*Exercise data*
# # #

(* There is an absolute constant $c$ such that the following holds. Let $P$ be a finite set of points in $\mathbb{R}^2$, each $p\in P$ having a transmission radius $r(p)>0$. Let $C$ be a clique in the intersection graph $\mathcal{G}^{\times}(\mathcal{D}_P)$ and let $P(C)\subseteq P$ be the set of points whose transmission disks belong to $C$. Then $P(C)$ can be covered by at most $c$ transitive paths in $\mathcal{G}_{\mathrm{tr}}(P)$, i.e. $P(C)$ is the union of at most $c$ sets each of whose points can be ordered as a transitive path.
   Context: The transmission graph $\mathcal{G}_{\mathrm{tr}}(P)$ is the directed graph on $P$ with an arc $(p,q)$ iff $|pq|\leq r(p)$ (Euclidean distance). The transmission disk of $p$ is $D_p$, the closed disk of radius $r(p)$ centered at $p$, and $\mathcal{D}_P=\{D_p:p\in P\}$. $\mathcal{G}^{\times}(\mathcal{D}_P)$ is the undirected graph with node set $\mathcal{D}_P$ and an edge between $D_p,D_q$ iff $D_p\cap D_q\neq\emptyset$. A transitive path is a sequence $q_1,\ldots,q_k$ of distinct points of $P$ such that $(q_i,q_j)$ is an arc of $\mathcal{G}_{\mathrm{tr}}(P)$ for all $1\le i<j\le k$. *)

From Stdlib Require Import Reals List.
Import ListNotations.
Open Scope R_scope.

Definition point : Type := (R * R)%type.

Definition dist (p q : point) : R :=
  sqrt ((fst p - fst q) ^ 2 + (snd p - snd q) ^ 2).

Definition in_disk (r : point -> R) (p z : point) : Prop := dist z p <= r p.

Definition tr_arc (r : point -> R) (p q : point) : Prop := dist p q <= r p.

Definition disks_intersect (r : point -> R) (p q : point) : Prop :=
  exists z : point, in_disk r p z /\ in_disk r q z.

(* C (given by the centers P(C) of its disks) is a clique of G^x(D_P). *)
Definition is_clique (P : list point) (r : point -> R) (C : list point) : Prop :=
  incl C P /\
  forall p q, In p C -> In q C -> p <> q -> disks_intersect r p q.

Definition transitive_path (P : list point) (r : point -> R) (s : list point) : Prop :=
  NoDup s /\ incl s P /\ ForallOrdPairs (tr_arc r) s.

From Pilot Require Import Defs.
From Stdlib Require Import Reals List Lra Psatz Lia Permutation.
From Stdlib Require Rgeom.
(* Reals exports its own [dist]; re-import Defs so that its [dist] wins. *)
Import Pilot.Defs.
Import ListNotations.
Open Scope R_scope.

(* Let m be a point of C whose disk has the smallest radius rho.  Every disk
   D_p of C meets D_m and has radius at least rho, so it contains one of the
   25 grid points m + rho (i, j) with -2 <= i, j <= 2.  Group the points p of
   C by such a grid point g inside D_p and by the octant around g in which p
   lies.  Two vectors in a common octant make an angle of at most pi/4, so if
   |g b| <= |g a| then |a b| <= |a g| <= r(a): listing a group by decreasing
   distance from g gives a transitive path, and C is covered by at most
   25 * 8 = 200 of them. *)

Definition sqdist (a b : point) : R := (fst a - fst b) ^ 2 + (snd a - snd b) ^ 2.

Lemma sqdist_nonneg a b : 0 <= sqdist a b.
Proof.
  unfold sqdist; pose proof (pow2_ge_0 (fst a - fst b)); pose proof (pow2_ge_0 (snd a - snd b)).
  lra.
Qed.

Lemma dist_sym a b : dist a b = dist b a.
Proof. unfold dist; f_equal; ring. Qed.

Lemma dist_triangle a b c : dist a c <= dist a b + dist b c.
Proof.
  assert (Heuc : forall x y, dist x y = Rgeom.dist_euc (fst x) (snd x) (fst y) (snd y)).
  { intros x y; unfold dist, Rgeom.dist_euc, Rsqr; f_equal; ring. }
  rewrite !Heuc; apply Rgeom.triangle.
Qed.

Lemma dist_le_sqdist a b rad : 0 <= rad -> dist a b <= rad <-> sqdist a b <= rad ^ 2.
Proof.
  intros Hrad; unfold dist; rewrite <- (sqrt_pow2 rad Hrad) at 1.
  split; [apply sqrt_le_0; [apply sqdist_nonneg | nra] | apply sqrt_le_1_alt].
Qed.

Lemma dist_le_of_sqdist_le a b c d : sqdist a b <= sqdist c d -> dist a b <= dist c d.
Proof. apply sqrt_le_1_alt. Qed.

Lemma disks_intersect_refl r p : 0 <= r p -> disks_intersect r p p.
Proof.
  exists p; unfold in_disk, dist.
  replace ((fst p - fst p) ^ 2 + (snd p - snd p) ^ 2) with 0 by ring.
  rewrite sqrt_0; lra.
Qed.

Lemma half_quadrant_sub_sqr_le a b c d :
  0 <= b <= a -> 0 <= d <= c -> c ^ 2 + d ^ 2 <= a ^ 2 + b ^ 2 ->
  (a - c) ^ 2 + (b - d) ^ 2 <= a ^ 2 + b ^ 2.
Proof.
  intros [Hb Hab] [Hd Hcd] Hn.
  (* the angle between (a, b) and (c, d) is at most pi/4 *)
  assert (Hcos : (a ^ 2 + b ^ 2) * (c ^ 2 + d ^ 2) <= 2 * (a * c + b * d) ^ 2).
  { assert (0 <= (a ^ 2 - b ^ 2) * (c ^ 2 - d ^ 2)) by (apply Rmult_le_pos; nra).
    assert (0 <= a * b * (c * d)) by (apply Rmult_le_pos; apply Rmult_le_pos; lra).
    nra. }
  assert (Hdot : c ^ 2 + d ^ 2 <= 2 * (a * c + b * d)).
  { apply Rsqr_incr_0_var; [unfold Rsqr | nra].
    assert (0 <= c ^ 2 + d ^ 2) by nra.
    nra. }
  nra.
Qed.

Definition octant (v : point) : nat :=
  ((if Rle_dec 0 (fst v) then 0 else 1)
   + 2 * (if Rle_dec 0 (snd v) then 0 else 1)
   + 4 * (if Rle_dec (Rabs (snd v)) (Rabs (fst v)) then 0 else 1))%nat.

Lemma octant_lt_8 v : (octant v < 8)%nat.
Proof. unfold octant; repeat destruct Rle_dec; lia. Qed.

Lemma octant_eq_signs u v : octant u = octant v ->
  (0 <= fst u <-> 0 <= fst v) /\ (0 <= snd u <-> 0 <= snd v) /\
  (Rabs (snd u) <= Rabs (fst u) <-> Rabs (snd v) <= Rabs (fst v)).
Proof.
  unfold octant; repeat destruct Rle_dec; intro; try lia;
  repeat split; intro; first [assumption | contradiction].
Qed.

Lemma sqr_sub_same_sign x y : (0 <= x <-> 0 <= y) -> (x - y) ^ 2 = (Rabs x - Rabs y) ^ 2.
Proof.
  intros Hxy; destruct (Rle_dec 0 x) as [Hx | Hx].
  - rewrite (Rabs_pos_eq x), (Rabs_pos_eq y) by (try apply Hxy; lra); reflexivity.
  - assert (~ 0 <= y) by tauto.
    rewrite (Rabs_left x), (Rabs_left y) by lra; ring.
Qed.

Lemma same_octant_sub_sqr_le u1 u2 v1 v2 :
  octant (u1, u2) = octant (v1, v2) -> v1 ^ 2 + v2 ^ 2 <= u1 ^ 2 + u2 ^ 2 ->
  (u1 - v1) ^ 2 + (u2 - v2) ^ 2 <= u1 ^ 2 + u2 ^ 2.
Proof.
  intros Hoct Hle; destruct (octant_eq_signs _ _ Hoct) as [Hx [Hy Hshape]]; cbn [fst snd] in *.
  rewrite (sqr_sub_same_sign _ _ Hx), (sqr_sub_same_sign _ _ Hy).
  rewrite <- (pow2_abs u1), <- (pow2_abs u2), <- (pow2_abs v1), <- (pow2_abs v2) in *.
  pose proof (Rabs_pos u1); pose proof (Rabs_pos u2).
  pose proof (Rabs_pos v1); pose proof (Rabs_pos v2).
  destruct (Rle_dec (Rabs u2) (Rabs u1)) as [Hu | Hu].
  - apply half_quadrant_sub_sqr_le; [lra | split; [lra | tauto] | lra].
  - assert (~ Rabs v2 <= Rabs v1) by tauto.
    rewrite (Rplus_comm ((Rabs u1 - _) ^ 2)), (Rplus_comm (Rabs u1 ^ 2)).
    apply half_quadrant_sub_sqr_le; lra.
Qed.

Definition vsub (a b : point) : point := (fst a - fst b, snd a - snd b).

Definition in_class (r : point -> R) (g : point) (k : nat) (p : point) : bool :=
  if Rle_dec (dist g p) (r p) then Nat.eqb (octant (vsub p g)) k else false.

Lemma tr_arc_in_class r g k a b :
  in_class r g k a = true -> in_class r g k b = true ->
  sqdist b g <= sqdist a g -> tr_arc r a b.
Proof.
  unfold in_class, tr_arc.
  destruct (Rle_dec (dist g a) (r a)) as [Hga |]; [| discriminate].
  destruct (Rle_dec (dist g b) (r b)); [| discriminate].
  intros Hka%Nat.eqb_eq Hkb%Nat.eqb_eq Hba.
  assert (Hab : sqdist a b <= sqdist a g).
  { unfold sqdist.
    replace (fst a - fst b) with (fst a - fst g - (fst b - fst g)) by ring.
    replace (snd a - snd b) with (snd a - snd g - (snd b - snd g)) by ring.
    apply same_octant_sub_sqr_le; [unfold vsub in *; congruence | exact Hba]. }
  apply dist_le_of_sqdist_le in Hab; rewrite dist_sym in Hga; lra.
Qed.

Definition grid_steps : list R := [-2; -1; 0; 1; 2].

Definition grid_point (o : point) (rho : R) (st : R * R) : point :=
  (fst o + fst st * rho, snd o + snd st * rho).

Lemma round_to_grid_step rho t : 0 < rho -> t ^ 2 <= (2 * rho) ^ 2 ->
  exists s, In s grid_steps /\ (t - s * rho) ^ 2 <= (rho / 2) ^ 2.
Proof.
  intros Hrho Ht.
  assert (-2 * rho <= t <= 2 * rho) by nra.
  destruct (Rle_dec t (-3/2 * rho)); [exists (-2); split; [simpl; tauto | nra] |].
  destruct (Rle_dec t (-1/2 * rho)); [exists (-1); split; [simpl; tauto | nra] |].
  destruct (Rle_dec t (1/2 * rho)); [exists 0; split; [simpl; tauto | nra] |].
  destruct (Rle_dec t (3/2 * rho)); [exists 1; split; [simpl; tauto | nra] |].
  exists 2; split; [simpl; tauto | nra].
Qed.

Lemma exists_inner_center p z rad rho :
  0 < rho <= rad -> dist z p <= rad ->
  exists c, dist c p <= rad - rho /\ dist c z <= rho.
Proof.
  intros Hrho Hz; set (t := rho / rad).
  assert (Htr : t * rad = rho) by (unfold t; field; lra).
  assert (Ht : 0 < t <= 1) by (split; nra).
  apply dist_le_sqdist in Hz; [| lra]; unfold sqdist in Hz.
  exists (fst z + t * (fst p - fst z), snd z + t * (snd p - snd z)).
  split; apply dist_le_sqdist; try lra; unfold sqdist; cbn [fst snd].
  - replace (rad - rho) with ((1 - t) * rad) by (rewrite <- Htr; ring).
    replace (_ ^ 2 + _ ^ 2)
      with ((1 - t) ^ 2 * ((fst z - fst p) ^ 2 + (snd z - snd p) ^ 2)) by ring.
    rewrite Rpow_mult_distr; apply Rmult_le_compat_l; nra.
  - rewrite <- Htr.
    replace (_ ^ 2 + _ ^ 2)
      with (t ^ 2 * ((fst z - fst p) ^ 2 + (snd z - snd p) ^ 2)) by ring.
    rewrite Rpow_mult_distr; apply Rmult_le_compat_l; nra.
Qed.

Lemma grid_point_in_disk r o p :
  0 < r o <= r p -> disks_intersect r p o ->
  exists st, In st (list_prod grid_steps grid_steps) /\ in_disk r p (grid_point o (r o) st).
Proof.
  intros Hr [z [Hzp Hzo]]; unfold in_disk in *.
  destruct (exists_inner_center p z (r p) (r o) Hr Hzp) as [c [Hcp Hcz]].
  assert (Hco : sqdist c o <= (2 * r o) ^ 2).
  { apply dist_le_sqdist; [lra |]; pose proof (dist_triangle c z o); lra. }
  unfold sqdist in Hco.
  pose proof (pow2_ge_0 (fst c - fst o)); pose proof (pow2_ge_0 (snd c - snd o)).
  destruct (round_to_grid_step (r o) (fst c - fst o)) as [s [Hs Hsc]]; [lra | lra |].
  destruct (round_to_grid_step (r o) (snd c - snd o)) as [t [Ht Htc]]; [lra | lra |].
  exists (s, t); split; [apply in_prod; assumption |].
  assert (Hgc : dist (grid_point o (r o) (s, t)) c <= r o).
  { apply dist_le_sqdist; [lra |]; unfold sqdist, grid_point; cbn [fst snd].
    replace (_ ^ 2 + _ ^ 2)
      with ((fst c - fst o - s * r o) ^ 2 + (snd c - snd o - t * r o) ^ 2) by ring.
    nra. }
  pose proof (dist_triangle (grid_point o (r o) (s, t)) c p); lra.
Qed.

Section DescendingSort.

Context {A : Type} (f : A -> R).

Fixpoint insert_desc (x : A) (l : list A) : list A :=
  match l with
  | [] => [x]
  | y :: t => if Rle_dec (f x) (f y) then y :: insert_desc x t else x :: y :: t
  end.

Fixpoint sort_desc (l : list A) : list A :=
  match l with [] => [] | x :: t => insert_desc x (sort_desc t) end.

Lemma insert_desc_perm x l : Permutation (x :: l) (insert_desc x l).
Proof.
  induction l as [| y l IH]; simpl; [reflexivity |].
  destruct Rle_dec; [| reflexivity].
  rewrite perm_swap; apply perm_skip, IH.
Qed.

Lemma sort_desc_perm l : Permutation l (sort_desc l).
Proof.
  induction l as [| x l IH]; simpl; [reflexivity |].
  rewrite <- insert_desc_perm; apply perm_skip, IH.
Qed.

Lemma insert_desc_sorted x l :
  ForallOrdPairs (fun a b => f b <= f a) l ->
  ForallOrdPairs (fun a b => f b <= f a) (insert_desc x l).
Proof.
  induction 1 as [| y l Hy Hl IH]; simpl; [repeat constructor |].
  destruct Rle_dec as [Hxy | Hxy].
  - constructor; [| exact IH].
    apply Forall_forall; intros b Hb.
    apply (Permutation_in _ (Permutation_sym (insert_desc_perm x l))) in Hb.
    destruct Hb as [<- | Hb]; [exact Hxy | exact (proj1 (Forall_forall _ _) Hy b Hb)].
  - constructor; [| constructor; assumption].
    constructor; [lra |].
    eapply Forall_impl; [| exact Hy]; simpl; intros; lra.
Qed.

Lemma sort_desc_sorted l : ForallOrdPairs (fun a b => f b <= f a) (sort_desc l).
Proof. induction l; simpl; [constructor | apply insert_desc_sorted; assumption]. Qed.

End DescendingSort.

Lemma ForallOrdPairs_impl_in {A : Type} (R1 R2 : A -> A -> Prop) l :
  (forall a b, In a l -> In b l -> R1 a b -> R2 a b) ->
  ForallOrdPairs R1 l -> ForallOrdPairs R2 l.
Proof.
  intros Himpl Hl; induction Hl as [| a l Ha Hl IH]; constructor.
  - rewrite Forall_forall in *; intros b Hb; apply Himpl; simpl; auto.
  - apply IH; intros; apply Himpl; simpl; auto.
Qed.

Lemma exists_argmin {A : Type} (f : A -> R) (l : list A) (x0 : A) :
  exists m, forall p, In p l -> In m l /\ f m <= f p.
Proof.
  induction l as [| x l [m Hm]]; [exists x0; intros _ [] |].
  destruct l as [| y l].
  - exists x; intros p [<- | []]; simpl; split; [left |]; auto; lra.
  - destruct (Hm y (or_introl eq_refl)) as [Hml _].
    destruct (Rle_dec (f x) (f m)).
    + exists x; intros p [<- | Hp]; split; simpl; auto; [lra |].
      specialize (Hm p Hp); lra.
    + exists m; intros p [<- | Hp]; split; simpl; auto; [lra |].
      apply Hm, Hp.
Qed.

Definition point_eq_dec (a b : point) : {a = b} + {a <> b}.
Proof. decide equality; apply Req_EM_T. Defined.

Definition labels : list (R * R * nat) :=
  list_prod (list_prod grid_steps grid_steps) (seq 0 8).

Definition class_path (r : point -> R) (m : point) (C : list point) (L : R * R * nat) :=
  let g := grid_point m (r m) (fst L) in
  sort_desc (fun q => sqdist q g) (filter (in_class r g (snd L)) (nodup point_eq_dec C)).

Lemma in_class_path r m C L p :
  In p (class_path r m C L) <-> In p C /\ in_class r (grid_point m (r m) (fst L)) (snd L) p = true.
Proof.
  unfold class_path; split.
  - intros Hp%(Permutation_in _ (Permutation_sym (sort_desc_perm _ _))).
    apply filter_In in Hp as [Hp Hk]; split; [eapply nodup_In |]; eassumption.
  - intros [Hp Hk]; apply (Permutation_in _ (sort_desc_perm _ _)), filter_In.
    split; [apply nodup_In |]; assumption.
Qed.

Lemma class_path_transitive P r m C L :
  incl C P -> transitive_path P r (class_path r m C L).
Proof.
  intros HCP; split; [| split].
  - eapply Permutation_NoDup; [apply sort_desc_perm |].
    apply NoDup_filter, NoDup_nodup.
  - intros p Hp; apply HCP, (in_class_path r m C L p), Hp.
  - eapply ForallOrdPairs_impl_in; [| apply sort_desc_sorted].
    intros a b Ha%in_class_path Hb%in_class_path Hab.
    eapply tr_arc_in_class; [apply Ha | apply Hb | exact Hab].
Qed.

Lemma clique_in_class_paths P r C m p :
  (forall q, In q P -> 0 < r q) -> is_clique P r C ->
  In m C -> (forall q, In q C -> r m <= r q) -> In p C ->
  exists L, In L labels /\ In p (class_path r m C L).
Proof.
  intros Hr [HCP Hcl] Hm Hmin Hp.
  assert (Hrm : 0 < r m) by apply Hr, HCP, Hm.
  assert (Hpm : disks_intersect r p m).
  { destruct (point_eq_dec p m) as [-> | Hne]; [apply disks_intersect_refl; lra |].
    apply Hcl; assumption. }
  destruct (grid_point_in_disk r m p (conj Hrm (Hmin p Hp)) Hpm) as [st [Hst Hg]].
  set (g := grid_point m (r m) st).
  exists (st, octant (vsub p g)); split.
  - apply in_prod; [exact Hst |]; apply in_seq; pose proof (octant_lt_8 (vsub p g)); lia.
  - apply in_class_path; split; [exact Hp |]; simpl; fold g.
    unfold in_class; destruct Rle_dec; [apply Nat.eqb_refl | contradiction].
Qed.

Theorem lemma3 :
  exists c : nat,
    forall (P : list point) (r : point -> R),
      NoDup P ->
      (forall p, In p P -> 0 < r p) ->
      forall C : list point,
        is_clique P r C ->
        exists paths : list (list point),
          (length paths <= c)%nat /\
          (forall s, In s paths -> transitive_path P r s) /\
          (forall p, In p C <-> exists s, In s paths /\ In p s).
Proof.
  exists 200%nat; intros P r _ Hr C HC.
  destruct (exists_argmin r C (0, 0)) as [m Hm].
  exists (map (class_path r m C) labels); split; [| split].
  - rewrite length_map; reflexivity.
  - intros s [L [<- _]]%in_map_iff; apply class_path_transitive, HC.
  - intros p; split.
    + intros Hp; destruct (Hm p Hp) as [HmC _].
      destruct (clique_in_class_paths P r C m p Hr HC HmC (fun q Hq => proj2 (Hm q Hq)) Hp)
        as [L [HL HpL]].
      exists (class_path r m C L); split; [apply in_map |]; assumption.
    + intros [s [[L [<- _]]%in_map_iff Hps]]; apply in_class_path in Hps; apply Hps.
Qed.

# # #

*What is expected*
Search the listing above for the lines with "unfold in_class; destruct" and "forall C : list", then output those lines and all lines between them exactly.

*Output*
    unfold in_class; destruct Rle_dec; [apply Nat.eqb_refl | contradiction].
Qed.

Theorem lemma3 :
  exists c : nat,
    forall (P : list point) (r : point -> R),
      NoDup P ->
      (forall p, In p P -> 0 < r p) ->
      forall C : list point,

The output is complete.